> How to complete this task
Set down exactly each line of the entries below, beginning at the one that contains "[apply continuous_const|apply HK_cont]." and ending at the last, and no others.

Saved data entries:

-*-*-

(* Let $G$ be a discrete group acting by homeomorphisms $\alpha$ on a locally compact Hausdorff space $X$, and let $\sigma$ be the induced action on $A=C_0(X)$, $\sigma_g(f)=f\circ\alpha_g^{-1}$. The following are equivalent: (i) $\sigma$ is $G$-separating, i.e. for all $a,b\in A_+$, $c\in A$, $\varepsilon>0$ there exist $d_1,d_2\in A$ and $g_1,g_2\in G$ with $\|d_1^*ad_1-\sigma_{g_1}(a)\|<\varepsilon$, $\|d_2^*bd_2-\sigma_{g_2}(b)\|<\varepsilon$ and $\|d_1^*cd_2\|<\varepsilon$; (ii) for all open $U_1,U_2\subseteq X$ and compact $K_1,K_2\subseteq X$ with $K_1\subseteq U_1$, $K_2\subseteq U_2$, there exist $g_1,g_2\in G$ with $\alpha_{g_1}(K_1)\subseteq U_1$, $\alpha_{g_2}(K_2)\subseteq U_2$ and $\alpha_{g_1}(K_1)\cap\alpha_{g_2}(K_2)=\emptyset$. *)

From Stdlib Require Import Reals List.
Open Scope R_scope.

Definition C := (R * R)%type.
Definition Cadd (z w : C) : C := (fst z + fst w, snd z + snd w).
Definition Csub (z w : C) : C := (fst z - fst w, snd z - snd w).
Definition Cmul (z w : C) : C :=
  (fst z * fst w - snd z * snd w, fst z * snd w + snd z * fst w).
Definition Cconj (z : C) : C := (fst z, - snd z).
Definition Cabs (z : C) : R := sqrt (fst z * fst z + snd z * snd z).
Lemma delay_memory_le (P : R -> R) sigma tau t :
  0 <= sigma <= tau -> 2 * tau <= t ->
  (forall y, continuous P y) -> (forall y z, y <= z -> P y <= P z) ->
  RInt (fun r => P (r - sigma) - P (r - tau)) (t - tau) (t - sigma)
  <= exp (2 * tau) * RInt (fun s => exp (- (t - sigma - s)) * (P (t - sigma) - P s))
                          (Rmax 0 (t - sigma - 2 * tau)) (t - sigma).
Proof.
  intros Hst Ht HP_cont HP_mono.
  set (b := t - sigma).
  set (K := fun s => exp (- (b - s)) * (P b - P s)).
  set (H := fun r => P (r - sigma) - P (r - tau)).
  assert (HK_cont : forall s, continuous K s).
  { intros s. apply (continuous_mult (fun s => exp (- (b - s))) (fun s => P b - P s)).
    - apply (ex_derive_continuous (fun s => exp (- (b - s)))). auto_derive. trivial.
    - apply (continuous_minus (fun _ => P b) P); [apply continuous_const|apply HP_cont]. }
  assert (HH_cont : forall r, continuous H r).
  { intros r. apply (continuous_minus (fun r => P (r - sigma)) (fun r => P (r - tau)));
      apply continuous_comp_sub, HP_cont. }
  assert (Hex : forall (f : R -> R) a c, (forall x, continuous f x) -> ex_RInt f a c)
    by (intros f a c Hf; apply (@ex_RInt_continuous R_CompleteNormedModule); intros; apply Hf).
  assert (Hshift : RInt H (t - tau) b = RInt (fun y => H (y + tau)) (t - 2 * tau) (b - tau)).
  { pose proof (RInt_comp_lin H 1 tau (t - 2 * tau) (b - tau)) as E.
    replace (1 * (t - 2 * tau) + tau) with (t - tau) in E by ring.
    replace (1 * (b - tau) + tau) with b in E by ring.
    rewrite <- E by (apply Hex, HH_cont).
    apply RInt_ext. intros y _. rewrite !Rmult_1_l. reflexivity. }
  assert (Hpointwise : forall y, t - 2 * tau < y < b - tau -> H (y + tau) <= exp (2 * tau) * K y).
  { intros y Hy. unfold H, K.
    replace (y + tau - tau) with y by ring.
    assert (Hweight : 1 <= exp (2 * tau) * exp (- (b - y))).
    { rewrite <- exp_plus. pose proof (exp_ineq1_le (2 * tau + - (b - y))). unfold b in *. lra. }
    pose proof (HP_mono (y + tau - sigma) b ltac:(unfold b in *; lra)).
    pose proof (HP_mono y b ltac:(lra)). nra. }
  rewrite Hshift. eapply Rle_trans.
  { apply RInt_le; [unfold b; lra|apply Hex..|exact Hpointwise].
    - intros y. apply (continuous_comp (fun y => y + tau) H); [|apply HH_cont].
      apply (ex_derive_continuous (fun y => y + tau)). auto_derive. trivial.
    - intros y. apply (continuous_mult (fun _ => exp (2 * tau)) K);
        [apply continuous_const|apply HK_cont]. }
  rewrite (RInt_scal K) by (apply Hex, HK_cont).
  apply Rmult_le_compat_l; [apply Rlt_le, exp_pos|].
  apply RInt_le_of_subinterval; [|unfold b; lra|apply Hex, HK_cont|].
  - split; [apply Rmax_lub|]; unfold b; lra.
  - intros s Hs. unfold K. apply Rmult_le_pos; [apply Rlt_le, exp_pos|].
    pose proof (HP_mono s b ltac:(lra)). lra.
Qed.
Definition beta_crit (k1 k2 : R) : R :=
  if k1 == 1 then 1 / (1 + k2)
  else (k1 ^+ 4 + 2 * k1 * k2 + 1
        - 2 * Num.sqrt ((k1 * k2 + 1) * (k1 * k2 + k1 ^+ 4))) / (k1 ^+ 2 - 1) ^+ 2.

Definition Xmat (k1 : R) : 'M[R]_(3 + 3) :=
  block_mx ((1 + k1 ^+ 2)%:M) (k1%:M) (k1%:M) (1%:M).

Definition Umat (k1 k2 beta : R) : 'M[R]_(3 + 3) :=
  let off := (k1 ^+ 2 + 2 * k1 * k2 + 1) * beta - k1 ^+ 2 - 1 in
  block_mx ((2 * (k1 + k1 ^+ 2 * k2) * beta)%:M) (off%:M)
           (off%:M) ((2 * ((k1 + k2) * beta - k1))%:M).

Definition rho (k1 : R) : R := Num.sqrt (lam_max (Xmat k1) / lam_min (Xmat k1)).

Definition theta (k1 k2 beta_min : R) : R :=
  lam_min (Umat k1 k2 beta_min) / (2 * lam_max (Xmat k1)).

Definition rmin (P : nat) (w : 'I_P -> R -> 'cV[R]_3) (ts : R) : R :=
  inf [set x : R | exists j : 'I_P, exists t : R, 0 <= t <= ts /\ x = enorm (w j t)].

Definition Eset (k1 : R) (r : R) : set 'cV[R]_(3 + 3) :=
  [set y | qform (Xmat k1) y < lam_min (Xmat k1) * r ^+ 2].

Definition Bset (k1 : R) (r : R) : set 'cV[R]_(3 + 3) :=
  [set x | rho k1 * enorm x < r].

Definition psi (rh th : R) (wjt : 'cV[R]_3) (s t : R) : R :=
  let d := enorm wjt - rh * s * expR (- (th * t)) in
  l1norm wjt / d ^+ 3 - l1norm wjt / enorm wjt ^+ 3
  + Num.sqrt 3 * rh * s * expR (- (th * t)) / d ^+ 3.

Definition psi_sum (P : nat) (mu : 'I_P -> R) (w : 'I_P -> R -> 'cV[R]_3)
  (rh th s t : R) : R :=
  \sum_(j < P) mu j * psi rh th (w j t) s t.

-*-*-

> Solution to this task
        [apply continuous_const|apply HK_cont]. }
  rewrite (RInt_scal K) by (apply Hex, HK_cont).
  apply Rmult_le_compat_l; [apply Rlt_le, exp_pos|].
  apply RInt_le_of_subinterval; [|unfold b; lra|apply Hex, HK_cont|].
  - split; [apply Rmax_lub|]; unfold b; lra.
  - intros s Hs. unfold K. apply Rmult_le_pos; [apply Rlt_le, exp_pos|].
    pose proof (HP_mono s b ltac:(lra)). lra.
Qed.
Definition beta_crit (k1 k2 : R) : R :=
  if k1 == 1 then 1 / (1 + k2)
  else (k1 ^+ 4 + 2 * k1 * k2 + 1
        - 2 * Num.sqrt ((k1 * k2 + 1) * (k1 * k2 + k1 ^+ 4))) / (k1 ^+ 2 - 1) ^+ 2.

Definition Xmat (k1 : R) : 'M[R]_(3 + 3) :=
  block_mx ((1 + k1 ^+ 2)%:M) (k1%:M) (k1%:M) (1%:M).

Definition Umat (k1 k2 beta : R) : 'M[R]_(3 + 3) :=
  let off := (k1 ^+ 2 + 2 * k1 * k2 + 1) * beta - k1 ^+ 2 - 1 in
  block_mx ((2 * (k1 + k1 ^+ 2 * k2) * beta)%:M) (off%:M)
           (off%:M) ((2 * ((k1 + k2) * beta - k1))%:M).

Definition rho (k1 : R) : R := Num.sqrt (lam_max (Xmat k1) / lam_min (Xmat k1)).

Definition theta (k1 k2 beta_min : R) : R :=
  lam_min (Umat k1 k2 beta_min) / (2 * lam_max (Xmat k1)).

Definition rmin (P : nat) (w : 'I_P -> R -> 'cV[R]_3) (ts : R) : R :=
  inf [set x : R | exists j : 'I_P, exists t : R, 0 <= t <= ts /\ x = enorm (w j t)].

Definition Eset (k1 : R) (r : R) : set 'cV[R]_(3 + 3) :=
  [set y | qform (Xmat k1) y < lam_min (Xmat k1) * r ^+ 2].

Definition Bset (k1 : R) (r : R) : set 'cV[R]_(3 + 3) :=
  [set x | rho k1 * enorm x < r].

Definition psi (rh th : R) (wjt : 'cV[R]_3) (s t : R) : R :=
  let d := enorm wjt - rh * s * expR (- (th * t)) in
  l1norm wjt / d ^+ 3 - l1norm wjt / enorm wjt ^+ 3
  + Num.sqrt 3 * rh * s * expR (- (th * t)) / d ^+ 3.

Definition psi_sum (P : nat) (mu : 'I_P -> R) (w : 'I_P -> R -> 'cV[R]_3)
  (rh th s t : R) : R :=
  \sum_(j < P) mu j * psi rh th (w j t) s t.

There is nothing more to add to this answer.